Current time: 2021-07-12 15:25:09 -0400
icinga2: /usr/include/boost/smart_ptr/intrusive_ptr.hpp:199: T* boost::intrusive_ptr<T>::operator->() const [with T = icinga::Dictionary]: Assertion `px != 0' failed.
Caught SIGABRT.
Current time: 2021-07-12 15:29:31 -0400
icinga2: /usr/include/boost/smart_ptr/intrusive_ptr.hpp:199: T* boost::intrusive_ptr<T>::operator->() const [with T = icinga::Dictionary]: Assertion `px != 0' failed.
Caught SIGABRT.
Current time: 2021-07-12 15:34:18 -0400
node2:
Version used (version: r2.12.4-1
)
Operating System and version 20.04.2 LTS (Focal Fossa)

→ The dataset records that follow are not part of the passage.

(* Let $m\ge 2$ be fixed and assume (A1)–(A4). Let $X_{\mathbf 1}$ be the number of coupons collected by all $m$ collectors. Then: (i) if $a_1/n\to0$ and $a_2/n\to0$, then $\mathbb{E}(X_{\mathbf 1})\sim\operatorname{Var}(X_{\mathbf 1})$; (ii) if $a_1/n\to0$ and $a_2/n\to1$, then $\mathbb{E}(a_1-X_{\mathbf 1})\sim\operatorname{Var}(X_{\mathbf 1})$; (iii) if $a_1/n\to1$ and $a_2/n\to1$, then $\mathbb{E}\big(X_{\mathbf 1}+(m-1)n-\sum_{i=1}^m a_i\big)\sim\operatorname{Var}(X_{\mathbf 1})$. No assumption on convergence of $\operatorname{Var}(X_{\mathbf 1})$ is needed.
   Context: Coupon collector model: there are $n$ distinct coupons and $m$ collectors acting independently; collector $i$ collects a uniformly random subset of exactly $a_i$ distinct coupons, independently of the others. We consider a sequence of such models indexed by $n$, with $m$ fixed and $a_i=a_i(n)$, under the asymptotic assumptions: (A1) $n\to\infty$; (A2) $a_i\to\infty$ and $n-a_i\to\infty$ for each $i$; (A3) $1\le a_1\le a_2\le\cdots\le a_m\le n-1$; (A4) $a_i/n\to\alpha_i\in[0,1]$ for each $i$. $x_n\sim y_n$ means $x_n/y_n\to1$. *)

From Stdlib Require Import Reals.
From mathcomp Require Import all_boot.

Set Implicit Arguments.
Unset Strict Implicit.
Unset Printing Implicit Defensive.

(* An outcome of the model with n coupons (the set 'I_n) and m collectors:
   collector i (i : 'I_m) holds the set S i of coupons. *)
Definition Sample (m n : nat) := {ffun 'I_m -> {set 'I_n}}.

(* Sample space: collector i holds exactly a i distinct coupons.
   The independent uniform choices give the uniform law on this set. *)
Definition samples (m n : nat) (a : nat -> nat) : {set Sample m n} :=
  [set S : Sample m n | [forall i : 'I_m, #|S i| == a i]].

Definition Expect (m n : nat) (a : nat -> nat) (f : Sample m n -> R) : R :=
  Rdiv (foldr Rplus R0 (map f (enum (samples m n a)))) (INR #|samples m n a|).

Definition Var (m n : nat) (a : nat -> nat) (f : Sample m n -> R) : R :=
  Expect a (fun S => pow (Rminus (f S) (Expect a f)) 2).

Definition X1 (m n : nat) (S : Sample m n) : R :=
  INR #|\bigcap_(i < m) S i|.

Definition asym (u v : nat -> R) : Prop := Un_cv (fun n => Rdiv (u n) (v n)) R1.

(* A given coupon is held by collector i with probability r_i = a_i/n, and a
   second given coupon then with probability s_i = (a_i - 1)/(n - 1).  Hence
   E X = n P and E X^2 = n P + n (n - 1) P Q, with P = prod r_i and Q = prod s_i,
   so that Var X = n P rho with rho = 1 + (n - 1) Q - n P.
   Since 1 - s_i = (1 + mu) (1 - r_i) with mu = 1/(n - 1), an induction over the
   collectors gives mu Q (1 - P) <= P - Q <= mu (1 - P), and a second-order
   version for mu (1 - P) - (P - Q) in terms of F = P - 1 + sum (1 - r_i).
   Splitting off the smallest collector, with T the product of r_i over the
   others, this yields (1 - T)(1 - r_1) <= rho <= 1 - T, which settles regimes
   (i) and (ii) (there E (a_1 - X) = a_1 (1 - T)); in regime (iii) it yields
   (1 + mu) Q F <= rho <= (1 + mu) F, while E (X + (m-1) n - sum a_i) = n F.
   In each regime Var X / mean is thus squeezed between sequences tending to 1. *)

From HB Require Import structures.
From Stdlib Require Import Reals Lra.
From Coquelicot Require Import Rbar Hierarchy Lim_seq.
Close Scope R_scope.
From mathcomp Require Import all_boot zify.
Lemma form_is_invariant W1 W2 W3 W4 W5 W6 W7 W8 :
  (forall a b c t r th ph, 0 < th < PI ->
     omega a b c t r th ph = spec_omega A3 W1 W2 W3 W4 W5 W6 W7 W8 a b c t r th ph) ->
  forall I a b c t r th ph, 0 < th < PI ->
    LieOmega A1 A2 A3 omega I a b c t r th ph = 0.
Proof.
  intros Hspec I a b c t r th ph Hth; revert I.
  assert (Hform : forall a b c th ph, 0 < th < PI ->
    omega a b c t r th ph = tensor_form (W1 t r) (W2 t r) (W3 t r) (W4 t r)
      (W5 t r) (W6 t r) (W7 t r) (W8 t r) (kappa A3 t r th) a b c).
  { intros a' b' c' th' ph' Hth'.
    rewrite <- (spec_omega_tensor_form A3 W1 W2 W3 W4 W5 W6 W7 W8 a' b' c' t r th' ph').
    apply Hspec, Hth'. }
  apply (invariance_at_point A1 A2); [apply HA3 | apply sin_strip, Hth |].
  split; [| split].
  - rewrite (Derive_ext_loc _ (fun s => tensor_form (W1 t r) (W2 t r) (W3 t r)
      (W4 t r) (W5 t r) (W6 t r) (W7 t r) (W8 t r) (kappa A3 t r s) a b c)).
    + apply Derive_tensor_form_theta; [apply HA3 | apply sin_strip, Hth].
    + exact (filter_imp _ _ (fun s Hs => Hform a b c s ph Hs)
               (strip_neighbourhood th Hth)).
  - rewrite (Derive_ext _ _ _ (fun s => Hform a b c th s Hth)); apply Derive_const.
  - rewrite (rot_action_ext (omega_at omega t r th ph) _ a b c
      (fun a b c => Hform a b c th ph Hth)).
    apply rot_action_tensor_form.
Qed.

End InvariantConnections.

Theorem mainTheorem6 :
  forall (A1 A2 A3 : R -> R -> R) (omega : Idx -> Idx -> Idx -> Field),
    (forall t r, A1 t r <> 0 /\ A2 t r <> 0 /\ A3 t r <> 0) ->
    (* metric compatibility: omega_{abc} = - omega_{bac} *)
    (forall a b c t r th ph, 0 < th < PI ->
       omega a b c t r th ph = - omega b a c t r th ph) ->
    (* regularity: the components are differentiable in theta and phi *)
    (forall a b c t r th ph, 0 < th < PI ->
       ex_derive (fun s => omega a b c t r s ph) th /\
       ex_derive (fun s => omega a b c t r th s) ph) ->
    ((forall I a b c t r th ph, 0 < th < PI ->
        LieOmega A1 A2 A3 omega I a b c t r th ph = 0)
     <->
     (exists W1 W2 W3 W4 W5 W6 W7 W8 : R -> R -> R,
        forall a b c t r th ph, 0 < th < PI ->
          omega a b c t r th ph
          = spec_omega A3 W1 W2 W3 W4 W5 W6 W7 W8 a b c t r th ph)).
Proof.
  intros A1 A2 A3 omega HA Hanti Hreg.
  assert (HA3 : forall t r, A3 t r <> 0) by (intros t r; apply HA).
  split.
  - intro Hinv; exact (invariant_connection_form A1 A2 A3 omega HA3 Hanti Hreg Hinv).
  - intros (W1 & W2 & W3 & W4 & W5 & W6 & W7 & W8 & Hspec).
    exact (form_is_invariant A1 A2 A3 omega HA3 W1 W2 W3 W4 W5 W6 W7 W8 Hspec).
Qed.
Definition proper_sub : expr -> expr -> Prop := clos_trans expr imm_sub.

Inductive repl1 (A B : expr) : expr -> expr -> Prop :=
| r_here : repl1 A B A B
| r_app_l f f' x : repl1 A B f f' -> repl1 A B (App f x) (App f' x)
| r_app_r f x x' : repl1 A B x x' -> repl1 A B (App f x) (App f x')
| r_abs n a b b' : repl1 A B b b' -> repl1 A B (Abs n a b) (Abs n a b')
| r_eval e e' t : repl1 A B e e' -> repl1 A B (Eval e t) (Eval e' t).

Definition eq_expr (a : ty) (X Y : expr) : expr := App (App (Con (CEq a)) X) Y.

Record frame_base : Type := { Diota : Type; Dfun : ty -> ty -> Type }.

Definition Dom (F : frame_base) (t : ty) : Type :=
  match t with
  | TIota => Diota F
  | TOmic => bool                       (* true = T, false = F *)
  | TEps => {e : expr | is_constr e = true}
  | TFn a b => Dfun F a b
  end.

(* D_{a->b} is a set of total functions D_a -> D_b: represented by a type
   with an (extensionally) injective application map. *)
Record frame : Type := {
  fbase :> frame_base;
  Diota_inh : inhabited (Diota fbase);
  fapp : forall a b, Dfun fbase a b -> Dom fbase a -> Dom fbase b;
  fapp_ext : forall a b f g, (forall x, fapp a b f x = fapp a b g x) -> f = g
}.

Definition ap {F : frame} {a b : ty} (f : Dom F (TFn a b)) (x : Dom F a) : Dom F b :=
  fapp F a b f x.

Definition cval {F : frame} (A : Dom F TEps) : expr := proj1_sig A.

Definition is_interp (F : frame) (I : forall c, Dom F (cty c)) : Prop :=
  (forall a (x y : Dom F a), @ap F a _ (@ap F a _ (I (CEq a)) x) y = true <-> x = y) /\
  (forall A : Dom F TEps, @ap F TEps TOmic (I CIsVar) A = true <->
       exists n b, cval A = Quo (Var n b)) /\
  (forall a (A : Dom F TEps), @ap F TEps TOmic (I (CIsVarT a)) A = true <->
       exists n, cval A = Quo (Var n a)) /\
  (forall A : Dom F TEps, @ap F TEps TOmic (I CIsCon) A = true <->
       exists c, cval A = Quo (Con c)) /\
  (forall a (A : Dom F TEps), @ap F TEps TOmic (I (CIsConT a)) A = true <->
       exists c, cty c = a /\ cval A = Quo (Con c)) /\
  (forall A B : Dom F TEps,
       cval (@ap F TEps TEps (@ap F TEps (TFn TEps TEps) (I CApp) A) B)
       = App (App (Con CApp) (cval A)) (cval B)) /\
  (forall A B : Dom F TEps,
       cval (@ap F TEps TEps (@ap F TEps (TFn TEps TEps) (I CAbs) A) B)
       = App (App (Con CAbs) (cval A)) (cval B)) /\
  (forall A : Dom F TEps,
       cval (@ap F TEps TEps (I CQuo) A) = App (Con CQuo) (cval A)) /\
  (forall A : Dom F TEps, @ap F TEps TOmic (I CIsExpr) A = true <->
       exists b e, evalfree e /\ wt e b /\ cval A = enc e) /\
  (forall a (A : Dom F TEps), @ap F TEps TOmic (I (CIsExprT a)) A = true <->
       exists e, evalfree e /\ wt e a /\ cval A = enc e) /\
  (forall A B : Dom F TEps,
       @ap F TEps TOmic (@ap F TEps (TFn TEps TOmic) (I CSub) A) B = true <->
       proper_sub (cval A) (cval B)) /\
  (forall A B : Dom F TEps,
       @ap F TEps TOmic (@ap F TEps (TFn TEps TOmic) (I CIsFreeIn) A) B = true <->
       exists n a b e, cval A = Quo (Var n a) /\ evalfree e /\ wt e b /\
                       cval B = enc e /\ free_in n a e).
Lemma mate_neq v : mate v != v.
Proof.
have /and4P[/eqP back _ no_fix _] := mate_spec v.
by apply: contra_neq no_fix => /(congr1 code); rewrite /mate back.
Qed.

Lemma mate_far v : ~~ graph_square (@theta_adj lens) v (mate v).
Proof. by apply: far_not_square; case/and4P: (mate_spec v). Qed.

Theorem lemma3p6 :
  equitably_choosable (graph_square (@theta_adj [:: 2; 4; 4; 4])) 6.
Proof.
move=> L kL; pose LF (v : TV) := seq_fset tt (L v).
have [|||f [fL f_paired]] := @paired_choosable _ mate mateK mate_neq 6 LF [set: TV].
- by rewrite cardsT card_TV.
- by move=> v _; rewrite in_setT.
- by move=> v _; rewrite size_seq_fset undup_id; case: (kL v) => // _ ->.
exists f; split; [|split].
- by move=> v; have := fL v (in_setT v); rewrite seq_fsetE.
- move=> x y xy; apply/eqP => fxy.
  case: (f_paired x y (in_setT x) (in_setT y) fxy) => y_eq; move: xy.
    by rewrite /graph_square y_eq eqxx.
  by rewrite y_eq (negbTE (mate_far x)).
- move=> c; rewrite card_TV; apply: leq_trans (card_paired_class c f_paired).
  by apply/subset_leq_card/subsetP => v; rewrite !inE.
Qed.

Enabled features (Enabled features: api checker ido-mysql influxdb mainlog
)
Icinga Web 2 version and modules (System - About)
|setup|2.9.0|
|---|---|
|grafana|1.4.2|
|monitoring|2.9.0|
Config validation (valid
)
If you run multiple Icinga 2 instances, the zones.conf
file (or icinga2 object list --type Endpoint
and icinga2 object list --type Zone
) from all affected nodes
node1
/* THIS FILE IS MANAGED BY PUPPET.*/
object Endpoint "ca02vlnms01.agilitypr.internal" {
}
object Endpoint "ca04vlnms01.agilitypr.internal" {
host = "10.4.10.41"
}
object Zone "master" {
endpoints = [ "ca02vlnms01.agilitypr.internal","ca04vlnms01.agilitypr.internal" ]
}
object Zone "global-templates" {
global = true
}
node2
object Endpoint "ca02vlnms01.agilitypr.internal" {
}
object Endpoint "ca04vlnms01.agilitypr.internal" {
}
object Zone "master" {
endpoints = [ "ca02vlnms01.agilitypr.internal","ca04vlnms01.agilitypr.internal" ]
}
object Zone "global-templates" {
global = true
}
I have added additional details in a related ticket I found:
opened 06:24AM - 21 Aug 20 UTC
needs-feedback
## Describe the bug
Yesterday, after a config reload, our icinga2 master kept c… rashing with the same stack strace.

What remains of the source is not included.